WORK INSTRUCTIONS:
Retype the data exactly, leaving nothing out.

== == ==

Lemma dotDl x y z : dot (x + y) z = dot x z + dot y z.
Proof. by rewrite /dot -big_split; apply: eq_bigr => i _; rewrite mxE mulrDl. Qed.

Lemma dotNl x y : dot (- x) y = - dot x y.
Proof. by rewrite /dot -sumrN; apply: eq_bigr => i _; rewrite mxE mulNr. Qed.

Lemma dotBl x y z : dot (x - y) z = dot x z - dot y z.
Proof. by rewrite dotDl dotNl. Qed.

Lemma dotDr x y z : dot x (y + z) = dot x y + dot x z.
Proof. by rewrite dotC dotDl !(dotC x). Qed.

Lemma dotBr x y z : dot x (y - z) = dot x y - dot x z.
Proof. by rewrite dotC dotBl !(dotC x). Qed.

Lemma dot0r x : dot x 0 = 0.
Proof. by rewrite /dot big1 // => i _; rewrite mxE mulr0. Qed.

Lemma dot_sumr (I : finType) (F : I -> 'rV[R]_d) x :
  dot x (\sum_i F i) = \sum_i dot x (F i).
Proof.
rewrite /dot exchange_big /=; apply: eq_bigr => j _.
by rewrite summxE mulr_sumr.
Qed.

Lemma sqnorm_ge0 x : 0 <= sqnorm x.
Proof. by apply: sumr_ge0 => i _; rewrite -expr2 sqr_ge0. Qed.

Lemma sqnormD x y : sqnorm (x + y) = sqnorm x + sqnorm y + 2 * dot x y.
Proof. rewrite /sqnorm dotDl !dotDr (dotC y x); ring. Qed.

Lemma sqnormB x y : sqnorm (x - y) = sqnorm x + sqnorm y - 2 * dot x y.
Proof. rewrite /sqnorm dotBl !dotBr (dotC y x); ring. Qed.

Lemma dot_polar x y : dot x y = (sqnorm x + sqnorm y - sqnorm (x - y)) / 2.
Proof. by rewrite sqnormB; field. Qed.

Lemma sqnormN x : sqnorm (- x) = sqnorm x.
Proof. by rewrite /sqnorm dotNl dotC dotNl opprK. Qed.

Lemma sqnormBC x y : sqnorm (x - y) = sqnorm (y - x).
Proof. by rewrite -opprB sqnormN. Qed.

Lemma sqnormD_le x y : sqnorm (x + y) <= 2 * sqnorm x + 2 * sqnorm y.
Proof. rewrite sqnormD; have := sqnorm_ge0 (x - y); rewrite sqnormB; lra. Qed.

Lemma sum_sqnormB n (q : 'I_n -> 'rV[R]_d) j :
  \sum_l sqnorm (q j - q l) =
  n%:R * sqnorm (q j) + \sum_l sqnorm (q l) - 2 * dot (q j) (\sum_l q l).
Proof.
under eq_bigr => l _ do rewrite sqnormB.
by rewrite !sumrB big_split /= sumr_const card_ord mulr_natl dot_sumr mulr_sumr.
Qed.

Lemma sum_sqnormB_pairs n (q : 'I_n -> 'rV[R]_d) :
  \sum_j \sum_l sqnorm (q j - q l) =
  2 * n%:R * \sum_j sqnorm (q j) - 2 * sqnorm (\sum_j q j).
Proof.
under eq_bigr => j _ do rewrite sum_sqnormB.
rewrite !sumrB big_split /= sumr_const card_ord -mulr_sumr.
under [X in _ - X]eq_bigr => j _ do rewrite dotC.
rewrite -mulr_sumr -dot_sumr -mulr_natr -/(sqnorm _); ring.
Qed.
Lemma ldiv_glb a b : ok a -> ok b -> exists d, ok d /\ ldiv ok meq d a /\ ldiv ok meq d b /\
  forall e, ok e -> ldiv ok meq e a -> ldiv ok meq e b -> ldiv ok meq e d.
Proof.
  intros Oa Ob.
  destruct (pprefix_glb (nf_ok Oa) (nf_ok Ob)) as (d & Hda & Hdb & Hd).
  assert (Od : ok d) by exact (pprefix_ok (nf_ok Oa) Hda).
  assert (Ed : nf d = d) by exact (nf_id_reduced _ (pprefix_reduced (nf_reduced Oa) Hda)).
  exists d; rewrite !ldiv_iff_pprefix, Ed by assumption; repeat split; try assumption.
  intros e Oe; rewrite !ldiv_iff_pprefix, Ed by assumption; apply Hd.
Qed.

End NormalForms.

Section Reversal.
Variable T : Type.

Definition swap_pair (p : T * T) : T * T := (snd p, fst p).

Definition op (w : list (T * T)) : list (T * T) := rev (map swap_pair w).

Lemma op_app u w : op (u ++ w) = op w ++ op u.
Proof. unfold op; now rewrite map_app, rev_app_distr. Qed.

Lemma op_op w : op (op w) = w.
Proof.
  unfold op; rewrite map_rev, rev_involutive, map_map.
  erewrite map_ext; [apply map_id|]; now intros [a b].
Qed.

End Reversal.

Lemma word_ok_op T (inP : T -> Prop) le w :
  word_ok inP le w -> word_ok inP (fun a b => le b a) (op w).
Proof.
  intros Hw; apply Forall_rev, Forall_map.
  eapply Forall_impl; [|exact Hw]; intros [a b] (? & ? & ?); now repeat split.
Qed.

Lemma word_ok_op_iff T (inP : T -> Prop) le w :
  word_ok inP (fun a b => le b a) (op w) <-> word_ok inP le w.
Proof.
  split; [|apply word_ok_op].
  intros Hw; apply word_ok_op in Hw; now rewrite op_op in Hw.
Qed.

Lemma mstep_op T (inP : T -> Prop) le a b :
  mstep inP le a b -> mstep inP (fun a b => le b a) (op a) (op b).
Proof.
  intros [x u w Hx | x y z u w Hx Hy Hz Hxy Hyz]; rewrite !op_app; cbn;
    rewrite <- !app_assoc; cbn.
  - now apply mstep_id.
  - now apply mstep_split.
Qed.

Lemma meq_op T (inP : T -> Prop) le a b :
  meq inP le a b -> meq inP (fun a b => le b a) (op a) (op b).
Proof.
  induction 1; [apply rst_step, mstep_op; assumption|apply rst_refl|
    now apply rst_sym|eapply rst_trans; eassumption].
Qed.

Lemma meq_op_iff T (inP : T -> Prop) le a b :
  meq inP (fun a b => le b a) (op a) (op b) <-> meq inP le a b.
Proof.
  split; [|apply meq_op].
  intros H; apply meq_op in H; now rewrite !op_op in H.
Qed.

Lemma rdiv_iff_ldiv_op T (inP : T -> Prop) le d a :
  rdiv (word_ok inP le) (meq inP le) d a <->
  ldiv (word_ok inP (fun a b => le b a)) (meq inP (fun a b => le b a)) (op d) (op a).
Proof.
  split; intros (x & Ox & Ex).
  - exists (op x); split; [now apply word_ok_op|].
    rewrite <- op_app; now apply meq_op.
  - exists (op x); split; [exact (word_ok_op Ox)|].
    apply meq_op in Ex; now rewrite op_app, !op_op in Ex.
Qed.

Theorem interval_monoid_gcd_of_meets T (inP : T -> Prop) le
  (eq_dec : forall a b : T, {a = b} + {a <> b}) (Hle : partial_order le)
  (Hmeets : interval_meets inP le) (Hjoins : interval_meets inP (fun a b => le b a)) :
  interval_monoid_gcd inP le.
Proof.
  pose proof (partial_order_dual Hle) as Hge.
  split; [|split; [|split; [|split]]].
  - exact (meq_conical eq_dec Hle).
  - exact (meq_lcancel eq_dec Hle).
  - intros c a b Hc Ha Hb H.
    apply meq_op_iff; apply meq_op in H; rewrite !op_app in H.
    exact (meq_lcancel eq_dec Hge (word_ok_op Hc) (word_ok_op Ha) (word_ok_op Hb) H).
  - exact (ldiv_glb eq_dec Hle Hmeets).
  - intros a b Ha Hb.
    destruct (ldiv_glb eq_dec Hge Hjoins (word_ok_op Ha) (word_ok_op Hb))
      as (d & Od & Hda & Hdb & Hd).
    exists (op d); rewrite !rdiv_iff_ldiv_op, op_op.
    repeat split; [now apply word_ok_op_iff|assumption|assumption|].
    intros e Oe; rewrite !rdiv_iff_ldiv_op, op_op; auto using word_ok_op.
Qed.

== == ==

RESPONSE TO THIS EXERCISE:
Lemma dotDl x y z : dot (x + y) z = dot x z + dot y z.
Proof. by rewrite /dot -big_split; apply: eq_bigr => i _; rewrite mxE mulrDl. Qed.

Lemma dotNl x y : dot (- x) y = - dot x y.
Proof. by rewrite /dot -sumrN; apply: eq_bigr => i _; rewrite mxE mulNr. Qed.

Lemma dotBl x y z : dot (x - y) z = dot x z - dot y z.
Proof. by rewrite dotDl dotNl. Qed.

Lemma dotDr x y z : dot x (y + z) = dot x y + dot x z.
Proof. by rewrite dotC dotDl !(dotC x). Qed.

Lemma dotBr x y z : dot x (y - z) = dot x y - dot x z.
Proof. by rewrite dotC dotBl !(dotC x). Qed.

Lemma dot0r x : dot x 0 = 0.
Proof. by rewrite /dot big1 // => i _; rewrite mxE mulr0. Qed.

Lemma dot_sumr (I : finType) (F : I -> 'rV[R]_d) x :
  dot x (\sum_i F i) = \sum_i dot x (F i).
Proof.
rewrite /dot exchange_big /=; apply: eq_bigr => j _.
by rewrite summxE mulr_sumr.
Qed.

Lemma sqnorm_ge0 x : 0 <= sqnorm x.
Proof. by apply: sumr_ge0 => i _; rewrite -expr2 sqr_ge0. Qed.

Lemma sqnormD x y : sqnorm (x + y) = sqnorm x + sqnorm y + 2 * dot x y.
Proof. rewrite /sqnorm dotDl !dotDr (dotC y x); ring. Qed.

Lemma sqnormB x y : sqnorm (x - y) = sqnorm x + sqnorm y - 2 * dot x y.
Proof. rewrite /sqnorm dotBl !dotBr (dotC y x); ring. Qed.

Lemma dot_polar x y : dot x y = (sqnorm x + sqnorm y - sqnorm (x - y)) / 2.
Proof. by rewrite sqnormB; field. Qed.

Lemma sqnormN x : sqnorm (- x) = sqnorm x.
Proof. by rewrite /sqnorm dotNl dotC dotNl opprK. Qed.

Lemma sqnormBC x y : sqnorm (x - y) = sqnorm (y - x).
Proof. by rewrite -opprB sqnormN. Qed.

Lemma sqnormD_le x y : sqnorm (x + y) <= 2 * sqnorm x + 2 * sqnorm y.
Proof. rewrite sqnormD; have := sqnorm_ge0 (x - y); rewrite sqnormB; lra. Qed.

Lemma sum_sqnormB n (q : 'I_n -> 'rV[R]_d) j :
  \sum_l sqnorm (q j - q l) =
  n%:R * sqnorm (q j) + \sum_l sqnorm (q l) - 2 * dot (q j) (\sum_l q l).
Proof.
under eq_bigr => l _ do rewrite sqnormB.
by rewrite !sumrB big_split /= sumr_const card_ord mulr_natl dot_sumr mulr_sumr.
Qed.

Lemma sum_sqnormB_pairs n (q : 'I_n -> 'rV[R]_d) :
  \sum_j \sum_l sqnorm (q j - q l) =
  2 * n%:R * \sum_j sqnorm (q j) - 2 * sqnorm (\sum_j q j).
Proof.
under eq_bigr => j _ do rewrite sum_sqnormB.
rewrite !sumrB big_split /= sumr_const card_ord -mulr_sumr.
under [X in _ - X]eq_bigr => j _ do rewrite dotC.
rewrite -mulr_sumr -dot_sumr -mulr_natr -/(sqnorm _); ring.
Qed.
Lemma ldiv_glb a b : ok a -> ok b -> exists d, ok d /\ ldiv ok meq d a /\ ldiv ok meq d b /\
  forall e, ok e -> ldiv ok meq e a -> ldiv ok meq e b -> ldiv ok meq e d.
Proof.
  intros Oa Ob.
  destruct (pprefix_glb (nf_ok Oa) (nf_ok Ob)) as (d & Hda & Hdb & Hd).
  assert (Od : ok d) by exact (pprefix_ok (nf_ok Oa) Hda).
  assert (Ed : nf d = d) by exact (nf_id_reduced _ (pprefix_reduced (nf_reduced Oa) Hda)).
  exists d; rewrite !ldiv_iff_pprefix, Ed by assumption; repeat split; try assumption.
  intros e Oe; rewrite !ldiv_iff_pprefix, Ed by assumption; apply Hd.
Qed.

End NormalForms.

Section Reversal.
Variable T : Type.

Definition swap_pair (p : T * T) : T * T := (snd p, fst p).

Definition op (w : list (T * T)) : list (T * T) := rev (map swap_pair w).

Lemma op_app u w : op (u ++ w) = op w ++ op u.
Proof. unfold op; now rewrite map_app, rev_app_distr. Qed.

Lemma op_op w : op (op w) = w.
Proof.
  unfold op; rewrite map_rev, rev_involutive, map_map.
  erewrite map_ext; [apply map_id|]; now intros [a b].
Qed.

End Reversal.

Lemma word_ok_op T (inP : T -> Prop) le w :
  word_ok inP le w -> word_ok inP (fun a b => le b a) (op w).
Proof.
  intros Hw; apply Forall_rev, Forall_map.
  eapply Forall_impl; [|exact Hw]; intros [a b] (? & ? & ?); now repeat split.
Qed.

Lemma word_ok_op_iff T (inP : T -> Prop) le w :
  word_ok inP (fun a b => le b a) (op w) <-> word_ok inP le w.
Proof.
  split; [|apply word_ok_op].
  intros Hw; apply word_ok_op in Hw; now rewrite op_op in Hw.
Qed.

Lemma mstep_op T (inP : T -> Prop) le a b :
  mstep inP le a b -> mstep inP (fun a b => le b a) (op a) (op b).
Proof.
  intros [x u w Hx | x y z u w Hx Hy Hz Hxy Hyz]; rewrite !op_app; cbn;
    rewrite <- !app_assoc; cbn.
  - now apply mstep_id.
  - now apply mstep_split.
Qed.

Lemma meq_op T (inP : T -> Prop) le a b :
  meq inP le a b -> meq inP (fun a b => le b a) (op a) (op b).
Proof.
  induction 1; [apply rst_step, mstep_op; assumption|apply rst_refl|
    now apply rst_sym|eapply rst_trans; eassumption].
Qed.

Lemma meq_op_iff T (inP : T -> Prop) le a b :
  meq inP (fun a b => le b a) (op a) (op b) <-> meq inP le a b.
Proof.
  split; [|apply meq_op].
  intros H; apply meq_op in H; now rewrite !op_op in H.
Qed.

Lemma rdiv_iff_ldiv_op T (inP : T -> Prop) le d a :
  rdiv (word_ok inP le) (meq inP le) d a <->
  ldiv (word_ok inP (fun a b => le b a)) (meq inP (fun a b => le b a)) (op d) (op a).
Proof.
  split; intros (x & Ox & Ex).
  - exists (op x); split; [now apply word_ok_op|].
    rewrite <- op_app; now apply meq_op.
  - exists (op x); split; [exact (word_ok_op Ox)|].
    apply meq_op in Ex; now rewrite op_app, !op_op in Ex.
Qed.

Theorem interval_monoid_gcd_of_meets T (inP : T -> Prop) le
  (eq_dec : forall a b : T, {a = b} + {a <> b}) (Hle : partial_order le)
  (Hmeets : interval_meets inP le) (Hjoins : interval_meets inP (fun a b => le b a)) :
  interval_monoid_gcd inP le.
Proof.
  pose proof (partial_order_dual Hle) as Hge.
  split; [|split; [|split; [|split]]].
  - exact (meq_conical eq_dec Hle).
  - exact (meq_lcancel eq_dec Hle).
  - intros c a b Hc Ha Hb H.
    apply meq_op_iff; apply meq_op in H; rewrite !op_app in H.
    exact (meq_lcancel eq_dec Hge (word_ok_op Hc) (word_ok_op Ha) (word_ok_op Hb) H).
  - exact (ldiv_glb eq_dec Hle Hmeets).
  - intros a b Ha Hb.
    destruct (ldiv_glb eq_dec Hge Hjoins (word_ok_op Ha) (word_ok_op Hb))
      as (d & Od & Hda & Hdb & Hd).
    exists (op d); rewrite !rdiv_iff_ldiv_op, op_op.
    repeat split; [now apply word_ok_op_iff|assumption|assumption|].
    intros e Oe; rewrite !rdiv_iff_ldiv_op, op_op; auto using word_ok_op.
Qed.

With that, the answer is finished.